Reasoning Model

Also known as: thinking model, reasoning-tuned LLM, test-time compute

TL;DR

A reasoning model is an LLM trained to spend test-time compute on internal chain-of-thought before answering. The post-o1 paradigm: pretraining + SFT + RL on verifier-checkable problems, with hidden 'thinking' tokens as the substrate.

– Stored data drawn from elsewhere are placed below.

Lemma improper_of_subst (f h phi phi' : R -> R) (a b a' b' : R) (hab' : a' < b')
  (Hd : forall t, a' <= t <= b' -> derivable_pt_lim phi t (phi' t))
  (Hpos : forall t, a' < t < b' -> 0 < phi' t)
  (Ha : phi a' = a) (Hb : phi b' = b)
  (Cf : forall x, a < x < b -> continuity_pt f x)
  (Ch : forall t, a' <= t <= b' -> continuity_pt h t)
  (Heq : forall t, a' < t < b' -> h t = f (phi t) * phi' t)
  (pr : Riemann_integrable h a' b') :
  improper_integral f a b (RiemannInt pr).
Proof.
  pose proof (increasing_of_deriv_pos phi phi' a' b' Hd Hpos) as Mo.
  assert (MoW : forall x y, a' <= x -> x <= y -> y <= b' -> phi x <= phi y).
  { intros x y Hx [Hxy|Hxy] Hy; [left; apply Mo|subst]; lra. }
  assert (Cphi : forall t, a' <= t <= b' -> continuity_pt phi t).
  { intros t Ht. apply derivable_continuous_pt. exists (phi' t). apply Hd, Ht. }
  split.
  { intros c d Hc Hcd Hd'. constructor.
    apply continuity_implies_RiemannInt; [exact Hcd|]. intros x Hx; apply Cf; lra. }
  intros eps Heps.
  (* M bounds |h|; end pieces of width eta then contribute less than eps. *)
  destruct (continuous_abs_bounded h a' b' (Rlt_le _ _ hab') Ch) as [M [HM0 HM]].
  destruct (end_piece_width eps M (b' - a') Heps HM0 ltac:(lra)) as [eta [[Heta0 Heta1] Heps']].
  set (al := phi (a' + eta)). set (be := phi (b' - eta)).
  assert (Hal : a < al) by (unfold al; rewrite <- Ha; apply Mo; lra).
  assert (Hbe : be < b) by (unfold be; rewrite <- Hb; apply Mo; lra).
  assert (Halbe : al <= be) by (apply MoW; lra).
  exists (Rmin (al - a) (b - be)). split; [apply Rmin_pos; lra|].
  intros c d prc Hc1 Hc2 Hd1 Hd2.
  pose proof (Rmin_l (al - a) (b - be)). pose proof (Rmin_r (al - a) (b - be)).
  destruct (continuous_preimage phi a' (a' + eta) c ltac:(lra)) as [c' [Hc' Ec]];
    [intros; apply Cphi; lra|fold al; lra|].
  destruct (continuous_preimage phi (b' - eta) b' d ltac:(lra)) as [d' [Hd' Ed]];
    [intros; apply Cphi; lra|fold be; lra|].
  subst c d.
  assert (prcd : Riemann_integrable h c' d')
    by (apply continuity_implies_RiemannInt; [lra|]; intros; apply Ch; lra).
  rewrite <- (RiemannInt_subst f h phi phi' c' d' (phi c') (phi d') ltac:(lra)
    (MoW c' d' ltac:(lra) ltac:(lra) ltac:(lra))
    (fun x Hx => Cf x ltac:(lra)) (fun t Ht => Ch t ltac:(lra)) (fun t Ht => Hd t ltac:(lra))
    (fun t Ht => conj (MoW c' t ltac:(lra) ltac:(lra) ltac:(lra))
                      (MoW t d' ltac:(lra) ltac:(lra) ltac:(lra)))
    (fun t Ht => Heq t ltac:(lra)) prcd prc).
  eapply Rle_lt_trans.
  - apply (RiemannInt_inner_close h a' b' c' d' M); try lra; [exact Ch|].
    intros t Ht. apply HM. lra.
  - nra.
Qed.

Lemma improper_ext (f f' : R -> R) (a b l : R) (hab : a < b)
  (H : forall x, a < x < b -> f x = f' x) :
  improper_integral f a b l -> improper_integral f' a b l.
Proof.
  intros [Hint Hcv]. split.
  { intros c d Hc Hcd Hd. destruct (Hint c d Hc Hcd Hd) as [p]. constructor.
    refine (Riemann_integrable_ext _ _ p).
    intros x Hx. rewrite Rmin_left, Rmax_right in Hx by lra. apply H; lra. }
  intros eps Heps. destruct (Hcv eps Heps) as [del [Hdel Hclose]].
  exists (Rmin del ((b - a) / 2)). split; [apply Rmin_pos; lra|].
  intros c d pr Hc1 Hc2 Hd1 Hd2.
  pose proof (Rmin_l del ((b - a) / 2)). pose proof (Rmin_r del ((b - a) / 2)).
  destruct (Hint c d ltac:(lra) ltac:(lra) ltac:(lra)) as [p].
  rewrite <- (RiemannInt_P18 p pr ltac:(lra)) by (intros x Hx; apply H; lra).
  apply Hclose; lra.
Qed.

Lemma improper_scal (f : R -> R) (a b l k : R) (hab : a < b) :
  improper_integral f a b l -> improper_integral (fun x => k * f x) a b (k * l).
Proof.
  intros [Hint Hcv]. split.
  { intros c d Hc Hcd Hd. destruct (Hint c d Hc Hcd Hd) as [p]. constructor.
    apply Riemann_integrable_scal, p. }
  intros eps Heps. pose proof (Rabs_pos k) as Hk.
  destruct (Hcv (eps / (Rabs k + 1))) as [del [Hdel Hclose]];
    [apply Rdiv_lt_0_compat; lra|].
  exists (Rmin del ((b - a) / 2)). split; [apply Rmin_pos; lra|].
  intros c d pr Hc1 Hc2 Hd1 Hd2.
  pose proof (Rmin_l del ((b - a) / 2)). pose proof (Rmin_r del ((b - a) / 2)).
  destruct (Hint c d ltac:(lra) ltac:(lra) ltac:(lra)) as [p].
  rewrite (RiemannInt_scal_out f c d k ltac:(lra) p pr).
  replace (k * RiemannInt p - k * l) with (k * (RiemannInt p - l)) by ring.
  rewrite Rabs_mult.
  assert (Hb : Rabs (RiemannInt p - l) < eps / (Rabs k + 1)) by (apply Hclose; lra).
  assert (E : eps / (Rabs k + 1) * (Rabs k + 1) = eps) by (field; lra).
  pose proof (Rabs_pos (RiemannInt p - l)). nra.
Qed.

Lemma Rpower_gt_0 (x y : R) : 0 < Rpower x y.
Proof. apply exp_pos. Qed.

Lemma continuity_pt_Rpower (u : R -> R) (y x : R) :
  continuity_pt u x -> 0 < u x -> continuity_pt (fun t => Rpower (u t) y) x.
Proof.
  intros Cu Hu. apply (continuity_pt_comp u (fun v => Rpower v y)); [exact Cu|].
  apply derivable_continuous_pt. exists (y * Rpower (u x) (y - 1)).
  apply derivable_pt_lim_power, Hu.
Qed.

Lemma continuity_pt_ln (u : R -> R) (x : R) :
  continuity_pt u x -> 0 < u x -> continuity_pt (fun t => ln (u t)) x.
Proof.
  intros Cu Hu. apply (continuity_pt_comp u ln); [exact Cu|].
  apply derivable_continuous_pt. exists (/ u x). apply derivable_pt_lim_ln, Hu.
Qed.

Lemma continuity_pt_local (f g : R -> R) (x r : R) : 0 < r ->
  (forall t, Rabs (t - x) < r -> f t = g t) -> continuity_pt g x -> continuity_pt f x.
Proof.
  intros Hr Hfg Cg eps Heps. destruct (Cg eps Heps) as [alp [Halp Hg]].
  exists (Rmin alp r). split; [apply Rmin_pos; lra|].
  intros t [Ht1 Ht2]. simpl in *. unfold R_dist in *.
  pose proof (Rmin_l alp r). pose proof (Rmin_r alp r).
  rewrite (Hfg t), (Hfg x) by (rewrite ?Rminus_diag, ?Rabs_R0; lra).
  apply Hg. split; [exact Ht1|]. simpl; unfold R_dist; lra.
Qed.

(* The power x^y for x > 0, extended by 0 to x <= 0; for y > 0 it is continuous
   everywhere, which gives continuous integrands such as sin(t)^(2 lambda). *)
Definition pos_power (x y : R) : R := if Rlt_dec 0 x then Rpower x y else 0.

Lemma pos_power_pos (x y : R) : 0 < x -> pos_power x y = Rpower x y.
Proof. intro H. unfold pos_power. destruct (Rlt_dec 0 x); [reflexivity|contradiction]. Qed.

A reasoning model is an LLM trained to spend test-time compute on internal reasoning before producing its final answer. The pattern was popularized by OpenAI’s o1 (September 2024), and within a year the same shape appeared across the field: o3, DeepSeek-R1, Gemini 2.0 Thinking, Claude’s extended-thinking mode. By 2025, reasoning models are the frontier; non-reasoning models are the cost-tier.

The three ingredients

What makes a reasoning model

Chain-of-thought as the substrate. The model’s internal reasoning is just more next-token prediction — a long, often hidden, scratchpad of intermediate work before the final answer. Mechanically: autoregressive generation, same as any LLM.
RL on verifier-checkable problems. Math, competitive programming, formal proofs, structured logic. The reward is outcome correctness against an automatic verifier (a unit-test runner, a math evaluator, a theorem prover) — not against a noisy human-preference reward model.
The unlock: verification is easier than generation. For these domains, checking whether an answer is correct is dramatically cheaper than producing the answer. That asymmetry means you can manufacture vast quantities of RL signal almost for free — generate-and-check is essentially unlimited training data.

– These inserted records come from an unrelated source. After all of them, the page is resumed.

Section FiniteSums.
Variables (R : realType) (F : finType) (w : F -> R).
Hypothesis w_ge0 : forall x, 0 <= w x.

Lemma sum_lt_le_expR (c : F -> R) (a : R) :
  \sum_(x | c x < a) w x <= expR a * \sum_x expR (- c x) * w x.
Proof.
rewrite mulr_sumr big_mkcond /=; apply: ler_sum => x _.
rewrite mulrA -expRD; case: ltP => [lt_ca|_]; last by rewrite mulr_ge0 ?expR_ge0.
rewrite ler_peMl // -expR0 ler_expR; lra.
Qed.

Lemma sum_le_union_bound (I : eqType) (s : seq I) (A : I -> pred F) (B : pred F) :
  (forall x, B x -> has (A ^~ x) s) ->
  \sum_(x | B x) w x <= \sum_(i <- s) \sum_(x | A i x) w x.
Proof.
move=> B_cover; rewrite (exchange_big_dep xpredT) //= [leRHS](bigID B) /=.
have w_le_sum x : B x -> w x <= \sum_(i <- s | A i x) w x.
  case/B_cover/hasP => i i_s Aix; rewrite (big_rem i) //= Aix lerDl.
  by rewrite sumr_ge0.
apply: le_trans (ler_sum _ w_le_sum) _.
by rewrite lerDl sumr_ge0 // => x _; rewrite sumr_ge0.
Qed.

End FiniteSums.

Section BernoulliPatterns.
Variables (R : realType) (rho : R) (n : nat).
Implicit Types (x : {ffun 'I_n -> bool}) (t : nat).

Definition bernoulli_mass (b : bool) : R := if b then rho else 1 - rho.

Definition pattern_weight x : R := \prod_j bernoulli_mass (x j).

Definition pattern_count x t : R := \sum_(j < n | (j < t)%N) (x j)%:R.

Lemma pattern_weight_ge0 x : 0 <= rho <= 1 -> 0 <= pattern_weight x.
Proof.
case/andP=> rho_ge0 rho_le1; apply: prodr_ge0 => j _.
by case: (x j); rewrite /= ?subr_ge0.
Qed.

Lemma sum_pattern_weight : \sum_x pattern_weight x = 1.
Proof.
rewrite -(bigA_distr_bigA (fun _ => bernoulli_mass)) /=.
by apply: big1 => j _; rewrite big_bool /= addrC subrK.
Qed.

Lemma pattern_mgfE t : (t <= n)%N ->
  \sum_x expR (- pattern_count x t) * pattern_weight x =
  (1 - rho * (1 - expR (-1))) ^+ t.
Proof.
move=> le_tn.
pose g (j : 'I_n) (b : bool) := bernoulli_mass b * expR (- ((j < t)%N && b)%:R).
have termE x : expR (- pattern_count x t) * pattern_weight x = \prod_j g j (x j).
  rewrite big_split /= mulrC; congr (_ * _).
  rewrite -sumrN expR_sum big_mkcond /=; apply: eq_bigr => j _.
  by case: ltnP; rewrite //= oppr0 expR0.
rewrite (eq_bigr _ (fun x _ => termE x)) -(bigA_distr_bigA g) /=.
rewrite (eq_bigr (fun j : 'I_n => if (j < t)%N then 1 - rho * (1 - expR (-1)) else 1)).
  by rewrite -big_mkcond -(big_ord_widen _ (fun=> _)) //= prodr_const card_ord.
move=> j _; rewrite big_bool /g /=; case: ltnP => _ /=.
  by rewrite oppr0 expR0; ring.
by rewrite oppr0 expR0 !mulr1 addrC subrK.
Qed.

Lemma pattern_mgf_le t : 0 <= rho <= 1 -> (t <= n)%N ->
  \sum_x expR (- pattern_count x t) * pattern_weight x <=
  expR (- (rho / 2 * t%:R)).
Proof.
move=> /andP[rho_ge0 rho_le1] le_tn.
have -> : - (rho / 2 * t%:R) = t%:R * - (rho / 2) by ring.
rewrite pattern_mgfE // expRM_natl.
have e_ge2 : 2 <= expR (1 : R) by have := expR_ge1Dx (1 : R); lra.
have expRN1_le : expR (-1) <= 2^-1 :> R by rewrite expRN lef_pV2 ?posrE ?expR_gt0.
apply: lerXn2r; rewrite ?nnegrE ?expR_ge0 //.
  by have := mulr_ge0 rho_ge0 (expR_ge0 (-1 : R)); lra.
apply: le_trans (expR_ge1Dx _); have := ler_wpM2l rho_ge0 expRN1_le; lra.
Qed.

Lemma pattern_count_lower_tail t : 0 <= rho <= 1 -> (t <= n)%N ->
  \sum_(x | pattern_count x t < rho / 4 * t%:R) pattern_weight x <=
  expR (- (rho / 4 * t%:R)).
Proof.
move=> rho01 le_tn.
apply: le_trans (sum_lt_le_expR (pattern_weight_ge0 ^~ rho01) _ _) _.
apply: le_trans (ler_wpM2l (expR_ge0 _) (pattern_mgf_le rho01 le_tn)) _.
by rewrite -expRD ler_expR; lra.
Qed.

Verification-easier-than-generation is the regime that makes long-chain reasoning trainable. The same recipe doesn’t transfer to essay writing or design critique because the verifier doesn’t exist; that’s why current reasoning models excel at math and code, and not at open-ended creative work.

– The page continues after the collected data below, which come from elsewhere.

(* For any integers $n \geq 3$ and $m \geq 1$, $\chi_\rho(FSSD_m(K_n)) = n+1$.
   Context: All graphs are finite and simple. For a positive integer $i$, an $i$-packing in a graph $G$ is a set of vertices any two distinct members of which are at distance greater than $i$. The packing chromatic number $\chi_\rho(G)$ is the smallest integer $k$ such that $V(G)$ can be partitioned into sets $V_1,\dots,V_k$ with each $V_i$ an $i$-packing. For a positive integer $m$, $FSSD_m(G)$ is obtained from $G$ by replacing each edge $uv$ of $G$ by a copy of $K_{2,m}$: the edge $uv$ is deleted and $m$ new vertices are added, each adjacent to exactly $u$ and $v$. $K_n$ is the complete graph on $n$ vertices. *)

From mathcomp Require Import all_boot.
Set Implicit Arguments. Unset Strict Implicit. Unset Printing Implicit Defensive.

(* A simple graph on a finite vertex type T is given by an adjacency
   relation e : rel T (symmetric, irreflexive). *)

Definition dist_le (T : finType) (e : rel T) (i : nat) (x y : T) : Prop :=
  exists s : seq T, [/\ size s <= i, path e x s & last x s = y].

Definition is_packing (T : finType) (e : rel T) (i : nat) (S : {set T}) : Prop :=
  forall x y, x \in S -> y \in S -> x != y -> ~ dist_le e i x y.

(* V(G) partitioned into V_1, ..., V_k with V_i an i-packing; the class
   V_(j+1) is encoded as the fibre of c over j : 'I_k. *)
Definition packing_colorable (T : finType) (e : rel T) (k : nat) : Prop :=
  exists c : T -> 'I_k, forall j : 'I_k, is_packing e j.+1 [set x | c x == j].

Definition packing_chromatic_number_is (T : finType) (e : rel T) (r : nat) : Prop :=
  packing_colorable e r /\ forall k, packing_colorable e k -> r <= k.

Definition K (n : nat) : rel 'I_n := fun x y => x != y.
Arguments K n : clear implicits.

Definition is_edge_set (T : finType) (e : rel T) (S : {set T}) : bool :=
  [exists u, exists v, e u v && (S == [set u; v])].

(* vertices of FSSD_m(G): old vertices, plus m new vertices per edge uv *)
Notation fssd_V T e m :=
  (T + {p : {set T} * 'I_m | is_edge_set e p.1})%type.

Definition fssd (T : finType) (e : rel T) (m : nat) : rel (fssd_V T e m) :=
  fun a b => match a, b with
             | inl u, inr w => u \in (val w).1
             | inr w, inl u => u \in (val w).1
             | _, _ => false
             end.
Arguments fssd {T} e m.

(* Colour j : 'I_k is the paper's colour j + 1.  Upper bound: all subdivision
   vertices form an independent set and get colour 1, the n original vertices
   get the distinct colours 2, ..., n + 1.  Lower bound: any two original
   vertices, and any two subdivision vertices on edges with a common end, are
   at distance 2, so they can share only colour 1.  If no original vertex has
   colour 1, the original vertices need n colours besides 1.  If u has colour 1,
   the subdivision vertices u x carry n - 1 distinct colours besides 1; were
   there only n colours, the x with colour 2 on u x would have colour 1 as
   well, and then the top colour n, used next to both u and x, could only sit
   on u x itself, which has colour 2. *)
From mathcomp Require Import all_boot zify.
Set Implicit Arguments. Unset Strict Implicit. Unset Printing Implicit Defensive.

Section Distance.
Variables (T : finType) (e : rel T).

Lemma dist_le_refl i x : dist_le e i x x.
Proof. by exists [::]. Qed.

Lemma dist_le_edge x y : e x y -> dist_le e 1 x y.
Proof. by move=> exy; exists [:: y]; rewrite /= exy. Qed.

Lemma dist_le_mono i j x y : i <= j -> dist_le e i x y -> dist_le e j x y.
Proof. by move=> ij [s [si ps ls]]; exists s; split=> //; apply: leq_trans ij. Qed.

Lemma dist_le_trans i j x y z :
  dist_le e i x y -> dist_le e j y z -> dist_le e (i + j) x z.
Proof.
move=> [s [si ps <-]] [t [tj pt <-]]; exists (s ++ t).
by rewrite size_cat cat_path last_cat ps pt leq_add.
Qed.

Lemma dist_le_sym i x y : symmetric e -> dist_le e i x y -> dist_le e i y x.
Proof.
move=> e_sym [s [si ps <-]]; exists (rev (belast x s)); split.
- by rewrite size_rev size_belast.
- by rewrite rev_path (eq_path (e' := e)) // => a b; rewrite /= e_sym.
- by case: s {si ps} => [|z s] //=; rewrite rev_cons last_rcons.
Qed.

Definition packing_coloring k (c : T -> 'I_k) :=
  forall j : 'I_k, is_packing e j.+1 [set x | c x == j].

Lemma packing_coloring_far k (c : T -> 'I_k) d a b :
  packing_coloring c -> c a = c b -> a != b -> dist_le e d a b -> (c a).+1 < d.
Proof.
move=> hc cab ab dab; rewrite ltnNge; apply/negP => dle.
apply: (hc (c a) a b _ _ ab (dist_le_mono dle dab)); by rewrite inE ?cab.
Qed.

End Distance.

Section Subdivision.
Variables (T : finType) (e : rel T) (m : nat).

Lemma fssd_sym : symmetric (fssd e m).
Proof. by move=> [u|w] [v|w']. Qed.

Lemma fssd_packing_colorable : packing_colorable (fssd e m) #|T|.+1.
Proof.
exists (fun a => if a is inl u then lift ord0 (enum_rank u) else ord0).
move=> j [u|w] [v|w']; rewrite !inE => /eqP <- /eqP.
- by move/lift_inj/enum_rank_inj => ->; rewrite eqxx.
- by move=> E; have := neq_lift ord0 (enum_rank u); rewrite -E eqxx.
- by move=> E; have := neq_lift ord0 (enum_rank v); rewrite E eqxx.
move=> _ ww' [s [s1 ps ls]].
case: s s1 ps ls => [|a [|b s]] //= _; first by move=> _ ls; rewrite ls eqxx in ww'.
by rewrite andbT => waw ls; rewrite ls in waw.
Qed.

End Subdivision.

Section CompleteGraph.
Variables n m : nat.
Local Notation V := (fssd_V 'I_n (K n) m.+1).
Local Notation G := (fssd (K n) m.+1).

Lemma edge_set_pair (u x : 'I_n) : u != x -> is_edge_set (K n) [set u; x].
Proof.
by move=> ux; apply/existsP; exists u; apply/existsP; exists x; rewrite /K ux eqxx.
Qed.

(* The subdivision vertex of copy 0 on the edge ux; for u = x there is no edge and
   the junk value inl u is chosen so that the distance bounds below hold for
   all pairs. *)
Definition subdiv (u x : 'I_n) : V :=
  if insub ([set u; x], ord0) is Some w then inr w else inl u.

Definition ends (a : V) : {set 'I_n} :=
  match a with inl u => [set u] | inr w => (val w).1 end.

Lemma subdivE u x (ux : u != x) :
  subdiv u x = inr (exist _ ([set u; x], ord0) (edge_set_pair ux)).
Proof.
rewrite /subdiv; case: insubP => [w _ wE | ]; last by rewrite edge_set_pair.
by congr inr; apply: val_inj; rewrite wE.
Qed.

Lemma subdivxx u : subdiv u u = inl u.
Proof.
rewrite /subdiv insubF //=; apply/negbTE/existsP => -[a /existsP [b /andP [ab /eqP uuE]]].
have: [set a; b] \subset [set u] by rewrite -uuE setUid.
by rewrite subUset !sub1set !inE => /andP [/eqP au /eqP bu]; rewrite /K au bu eqxx in ab.
Qed.

Lemma subdivC u x : subdiv u x = subdiv x u.
Proof.
have [->|ux] := eqVneq u x; first by [].
have xu : x != u by rewrite eq_sym.
by rewrite (subdivE ux) (subdivE xu); congr inr; apply: val_inj; rewrite /= setUC.
Qed.

Lemma ends_subdiv u x : ends (subdiv u x) = [set u; x].
Proof. by have [->|ux] := eqVneq u x; [rewrite subdivxx setUid | rewrite subdivE]. Qed.

Lemma subdiv_inj u : injective (subdiv u).
Proof.
move=> x y /(congr1 ends); rewrite !ends_subdiv => E.
have: x \in [set u; y] by rewrite -E set22.
rewrite in_set2 => /orP [/eqP xu | /eqP //].
have: y \in [set u; x] by rewrite E set22.
by rewrite xu in_set2 orbb => /eqP.
Qed.

Lemma dist_inl_subdiv u x : dist_le G 1 (inl u) (subdiv u x).
Proof.
have [<-|ux] := eqVneq u x; first by rewrite subdivxx; apply: dist_le_refl.
by apply: dist_le_edge; rewrite (subdivE ux) /fssd /= set21.
Qed.

Lemma dist_subdiv_inl u x : dist_le G 1 (subdiv u x) (inl u).
Proof. exact: dist_le_sym (@fssd_sym _ (K n) m.+1) (dist_inl_subdiv u x). Qed.

Lemma dist_inl_inl x y : dist_le G 2 (inl x) (inl y).
Proof.
by apply: (dist_le_trans (dist_inl_subdiv x y)); rewrite subdivC; apply: dist_subdiv_inl.
Qed.

Lemma dist_subdiv_subdiv u x y : dist_le G 2 (subdiv u x) (subdiv u y).
Proof. exact: dist_le_trans (dist_subdiv_inl u x) (dist_inl_subdiv u y). Qed.

Lemma dist_inl_subdiv3 x u y : dist_le G 3 (inl x) (subdiv u y).
Proof.
apply: (dist_le_trans (dist_inl_subdiv x u)).
by rewrite subdivC; apply: dist_subdiv_subdiv.
Qed.

Lemma dist_subdiv4 x y u z : dist_le G 4 (subdiv x y) (subdiv u z).
Proof. exact: dist_le_trans (dist_subdiv_inl x y) (dist_inl_subdiv3 x u z). Qed.

Lemma neq_of_ends (a b : V) (v : 'I_n) : v \in ends a -> v \notin ends b -> a != b.
Proof. by move=> va vb; apply: contraNneq vb => <-. Qed.

Lemma inl_neq_subdiv x u y : x != u -> inl x != subdiv u y.
Proof.
by move=> xu; rewrite eq_sym (@neq_of_ends _ _ u) ?ends_subdiv ?set21 // inE eq_sym.
Qed.

Variables (k : nat) (c : V -> 'I_k).
Hypothesis hc : packing_coloring G c.

Lemma lt_of_inl_col_neq0 : 0 < n -> (forall x, c (inl x) != 0 :> nat) -> n < k.
Proof.
move=> n0 hx0.
have k0 : 0 < k := leq_ltn_trans (leq0n _) (ltn_ord (c (inl (Ordinal n0)))).
pose h (o : option 'I_n) := if o is Some x then c (inl x) else Ordinal k0.
suff h_inj : injective h by have := leq_card h h_inj; rewrite card_option !card_ord.
move=> [x|] [y|] //= hE; last 2 first.
- by have := hx0 x; rewrite hE.
- by have := hx0 y; rewrite -hE.
congr Some; apply/eqP; apply: contraTT isT => xy.
have := packing_coloring_far hc hE _ (dist_inl_inl x y).
by rewrite ltnS ltnS leqn0 (negbTE (hx0 x)); apply.
Qed.

Section ZeroColoredVertex.
Variable u : 'I_n.
Hypothesis hu : c (inl u) = 0 :> nat.

Lemma subdiv_col_eq0 x : (c (subdiv u x) == 0 :> nat) = (x == u).
Proof.
apply/eqP/eqP => [hx | ->]; last by rewrite subdivxx.
apply/eqP; apply: contraTT isT => xu.
have hE : c (subdiv u x) = c (inl u) by apply: val_inj; rewrite /= hx hu.
have := packing_coloring_far hc hE _ (dist_subdiv_inl u x).
by rewrite hx ltnn -(subdivxx u) (inj_eq (@subdiv_inj u)); apply.
Qed.

Lemma subdiv_col_inj : injective (fun x => c (subdiv u x)).
Proof.
move=> x y /= hE; apply/eqP; apply: contraTT isT => xy.
have := packing_coloring_far hc hE _ (dist_subdiv_subdiv u x y).
rewrite (inj_eq (@subdiv_inj u)) ltnS ltnS leqn0 => /(_ xy) x0.
move: x0 (x0); rewrite {2}hE !subdiv_col_eq0 => /eqP xu /eqP yu.
by rewrite xu yu eqxx in xy.
Qed.

Lemma subdiv_col_onto : k <= n -> forall j, exists x, c (subdiv u x) = j.
Proof.
move=> kn j; have kn' : #|'I_k| <= #|'I_n| by rewrite !card_ord.
by have /codomP [x ->] := inj_card_onto subdiv_col_inj kn' j; exists x.
Qed.

Lemma inl_col0_of_subdiv_col1 x :
  k <= n -> c (subdiv u x) = 1 :> nat -> c (inl x) = 0 :> nat.
Proof.
move=> kn hx1; have xu : x != u by rewrite -subdiv_col_eq0 hx1.
apply/eqP; apply: contraT => hx0.
have [y hy] := subdiv_col_onto kn (c (inl x)).
have := packing_coloring_far hc (esym hy) (inl_neq_subdiv y xu).
move/(_ _ (dist_inl_subdiv3 x u y)); rewrite !ltnS => hx_le1.
have hE : c (inl x) = c (subdiv u x) by apply: val_inj; rewrite /= hx1; lia.
have d1 : dist_le G 1 (inl x) (subdiv u x) by rewrite subdivC; apply: dist_inl_subdiv.
by have := packing_coloring_far hc hE (inl_neq_subdiv x xu) d1.
Qed.

End ZeroColoredVertex.

Lemma subdiv_col_top u x :
  c (inl u) = 0 :> nat -> c (inl x) = 0 :> nat -> u != x -> k <= n -> 1 < k ->
  c (subdiv u x) = k.-1 :> nat.
Proof.
move=> hu hx ux kn k1; apply/eqP; apply: contraT => hux.
have nk : n <= k by have := leq_card _ (subdiv_col_inj hu); rewrite !card_ord.
have top : k.-1 < k by lia.
have [y hy] := subdiv_col_onto hx kn (Ordinal top).
have [z hz] := subdiv_col_onto hu kn (Ordinal top).
have hE : c (subdiv x y) = c (subdiv u z) by rewrite hy hz.
have yx : y != x by rewrite -(subdiv_col_eq0 hx) hy /=; lia.
have zu : z != u by rewrite -(subdiv_col_eq0 hu) hz /=; lia.
have yu : y != u by apply/eqP => yu; move: hux; rewrite subdivC -yu hy eqxx.
have zx : z != x by apply/eqP => zx; move: hux; rewrite -zx hz eqxx.
have xy_uz : subdiv x y != subdiv u z.
  by rewrite (@neq_of_ends _ _ x) ?ends_subdiv ?set21 // !inE negb_or eq_sym ux eq_sym zx.
have [yz|yz] := eqVneq y z.
  have := packing_coloring_far hc hE xy_uz.
  rewrite hy -yz (subdivC x) (subdivC u) /= => /(_ _ (dist_subdiv_subdiv _ _ _)); lia.
have := packing_coloring_far hc hE xy_uz (dist_subdiv4 x y u z); rewrite hy /=.
move: ux yx zu yu zx yz; rewrite -!(inj_eq val_inj) /= => ux yx zu yu zx yz.
have := ltn_ord u; have := ltn_ord x; have := ltn_ord y; have := ltn_ord z; lia.
Qed.

Lemma lt_of_inl_col0 u : 2 < n -> c (inl u) = 0 :> nat -> n < k.
Proof.
move=> n3 hu; rewrite ltnNge; apply/negP => kn.
have nk : n <= k by have := leq_card _ (subdiv_col_inj hu); rewrite !card_ord.
have k1 : 1 < k by lia.
have [x hx] := subdiv_col_onto hu kn (Ordinal k1).
have hx1 : c (subdiv u x) = 1 :> nat by rewrite hx.
have ux : u != x by rewrite eq_sym -(subdiv_col_eq0 hu) hx1.
have := subdiv_col_top hu (inl_col0_of_subdiv_col1 hu kn hx1) ux kn k1.
by rewrite hx1; lia.
Qed.

Lemma fssd_complete_packing_lt : 2 < n -> n < k.
Proof.
move=> n3; case: (boolP [exists u, c (inl u) == 0 :> nat]).
  by move=> /existsP [u /eqP hu]; apply: lt_of_inl_col0 hu.
by move=> /existsPn hx0; apply: lt_of_inl_col_neq0; [lia | exact: hx0].
Qed.

End CompleteGraph.

Theorem corollary1 (n m : nat) :
  3 <= n -> 1 <= m -> packing_chromatic_number_is (fssd (K n) m) n.+1.
Proof.
case: m => [//|m] n3 _; split.
  by have := fssd_packing_colorable (K n) m.+1; rewrite card_ord.
by move=> k [c hc]; apply: fssd_complete_packing_lt hc n3.
Qed.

The “thinking” architecture

Reasoning models internalize chain-of-thought as default behavior. The user prompts a question; the model emits thousands of tokens of internal deliberation (often inside <thinking> tags or an out-of-band stream); finally it emits the answer. The chain is typically hidden — you see the answer plus, sometimes, a summary.

The key training detail: the model was RL’d to use the scratchpad even when not asked. CoT prompting on a non-reasoning model relies on the user remembering to add “let’s think step by step”; a reasoning model produces the chain unconditionally, because the policy learned during RL that long chains earn higher reward on its training distribution.

Why this is a paradigm shift

The 2022-2024 recipe:

pretraining SFT RLHF (or DPO )

The 2025+ recipe:

pretraining SFT RL on verifiable rewards (often with PRMs or outcome rewards)

The first stage stayed the same. The second stage stayed the same. The alignment stage changed substrates — from “what humans prefer” to “what a verifier accepts.” That swap is the single biggest post-training change since RLHF itself.

What reasoning models are good at — and not

The pattern is sharp, and it follows directly from the verifier-availability story:

Strong: competition math, competitive programming, multi-step physics and chemistry, formal logic, anything where there’s a checkable answer. o3 and R1 hit superhuman levels on AIME, USAMO, and Codeforces benchmarks.
Mixed: open-ended technical reasoning (system design, debugging) where the verifier is fuzzy. Reasoning models help but the gap to non-reasoning models is smaller.
Weak / no improvement: creative writing, calibration-sensitive judgment, retrieval ranking. CoT often hurts here for the same reason it hurts in non-reasoning models — the model talks itself into confident-wrong answers, and there was no verifier during training to discipline that.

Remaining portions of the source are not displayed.